I told my best friend that met an awesome person off Twitter. She told me to be careful. I asked her why. She told me "I know you. If you continue talking to this girl you are gonna fall for her. And the distance between you is gonna break your heart." I told her "No way, i'll be fine"  Nonetheless my best friend was not buying it.

I continued talking to Taylor, completely ignoring my best friends advice. Seemed fine to me. I had made a new friend I could talk to about anything. About a month later Taylor and I Skyped for the first time. Her, never using Skype before was confused at first. Didn't work so well the first time. We skyped the next night and it went fine.

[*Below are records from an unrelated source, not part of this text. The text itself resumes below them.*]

(* Let $\mathcal{S}=\{S_1,\dots,S_N\}\subset\mathbb{R}^Q_{\ge0}$ and suppose $\rho\notin\mathcal{P}$. Let $\eta\in\mathbb{R}^Q_{\ge0}$. There exists a diagonal matrix $\Delta$ with positive diagonal entries such that, under MaxWeight with matrix $\Delta$, $\lim_{t\to\infty}X(t)/t=\eta$, if and only if the following conditions hold: (1) $\eta=(\rho-\sum_m\alpha_mS_m)^+$ for some $\alpha_m\ge0$ with $\sum_m\alpha_m=1$; (2) there exists $v\in\mathbb{R}^Q_{\ge0}$ such that $\alpha_m>0$ implies $\langle v,S_m\rangle\ge\langle v,S_k\rangle$ for all $k$, and moreover $v_q=0$ if and only if $\eta_q=0$.
   Context: Model: $Q$ queues, discrete time. Arrivals $A(t)$ with $0\le A_q(t)\le\bar A_q<\infty$ and $\rho_q=\lim_{t\to\infty}\frac1t\sum_{s=0}^{t-1}A_q(s)\in(0,\infty)$. Departures $D_q(t)=\min\{S_q(t),X_q(t)\}$, $X(t+1)=X(t)+A(t)-D(t)$, $X(0)=0$. MaxWeight with matrix $\Delta$: $S(t)\in\arg\max_{S\in\mathcal{S}}\langle S,\Delta X(t)\rangle$. $(x)^+$ is the componentwise positive part. Stability region $\mathcal{P}=\{r\in\mathbb{R}^Q_{\ge0}: r\le\sum_n\alpha_nS_n\text{ for some }\alpha_n\ge0,\sum_n\alpha_n=1\}$. *)

From HB Require Import structures.
From mathcomp Require Import all_boot all_order all_algebra.
From mathcomp Require Import all_classical all_reals all_analysis.
Set Implicit Arguments. Unset Strict Implicit. Unset Printing Implicit Defensive.
Import Order.TTheory GRing.Theory Num.Theory.
Import numFieldNormedType.Exports.
Local Open Scope ring_scope.

Section QueueDefs.
Variables (R : realType) (Q N : nat).

Definition dot (x y : 'I_Q -> R) : R := \sum_(q < Q) x q * y q.

Definition mxv (D : 'M[R]_Q) (x : 'I_Q -> R) : 'I_Q -> R :=
  fun i => \sum_(j < Q) D i j * x j.

Definition pospart (x : 'I_Q -> R) : 'I_Q -> R := fun q => Num.max 0 (x q).

Fixpoint qlen (A : nat -> 'I_Q -> R) (Sc : nat -> 'I_Q -> R) (t : nat)
  : 'I_Q -> R :=
  match t with
  | 0 => fun _ => 0
  | t'.+1 => fun q => qlen A Sc t' q + A t' q - Num.min (Sc t' q) (qlen A Sc t' q)
  end.

Definition maxweight (S : 'I_N -> 'I_Q -> R) (D : 'M[R]_Q)
  (A : nat -> 'I_Q -> R) (sigma : nat -> 'I_N) : Prop :=
  forall t (k : 'I_N),
    let X := qlen A (fun s => S (sigma s)) t in
    dot (S k) (mxv D X) <= dot (S (sigma t)) (mxv D X).

Definition in_region (S : 'I_N -> 'I_Q -> R) (r : 'I_Q -> R) : Prop :=
  (forall q, 0 <= r q) /\
  exists alpha : 'I_N -> R,
    (forall n, 0 <= alpha n) /\ \sum_(n < N) alpha n = 1 /\
    forall q, r q <= \sum_(n < N) alpha n * S n q.

Definition pos_diag (D : 'M[R]_Q) : Prop :=
  is_diag_mx D /\ forall i, 0 < D i i.

End QueueDefs.

From HB Require Import structures.
From mathcomp Require Import all_boot all_order all_algebra.
From mathcomp Require Import all_classical all_reals all_analysis.
From mathcomp.algebra_tactics Require Import ring lra.
Import Order.TTheory GRing.Theory Num.Theory.
Import numFieldNormedType.Exports.
Set Implicit Arguments. Unset Strict Implicit. Unset Printing Implicit Defensive.
Local Open Scope classical_set_scope.
Local Open Scope ring_scope.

Well in a week we skyped like 6 out of 7 days.We had become great friends in a very short period of time.

One day my disability was really upsetting me and she was quite concerned so it was her mission to cheer me up. We skyped for over 3 hours that night. She told me "I know... And the thing that sucks is that there's nothing I could really say to make it better... I'm here for you no matter what though. Forever. You know I'd be there in two seconds flat if it was possible.." That was definitely something i wanted to hear. She continued with the inspiration. "I'm not going to tell you that everything's going to be okay. That's not true for anybody because there's always going to be something not okay. But right now, I'm here and tonight things will be okay."

After the seriousness was over we had a bit of less serious talk because i was feeling better. Her job was done. Then she went for a week long trip. So for the first time in a month and a half of talking everyday, it would be the first time we wouldn't communicate for a bit. When Taylor came back, we picked up where we left off. Fast forward to May. I fell in love with Taylor. My best friend was right! My stomach was in knots, the first two weeks of May.

I had to tell Taylor, even though I knew there was no way she felt the same about me. But i wanted to Skype to tell her. So this Tuesday we did. When I told her all she said was "Okay" I didn't really like Taylor's reaction that's for sure. But she seemed okay with it. On Wednesday she cleared everything up. She just wasn't sure how to let me down easy. I'm glad I told her though. Now we got past that, and we are now closer friends because of that. Tomorrow she is going for a two week trip. I'll miss her a lot, but I have some things going on in my life that will have my mind preoccupied. When she comes back we will probably continue where we left off, well hopefully. The last few girls I fell for; well I don't talk to them anymore. I'm pretty sure I won't stop communicating with Taylor. If I do, i'm sorry in advanced!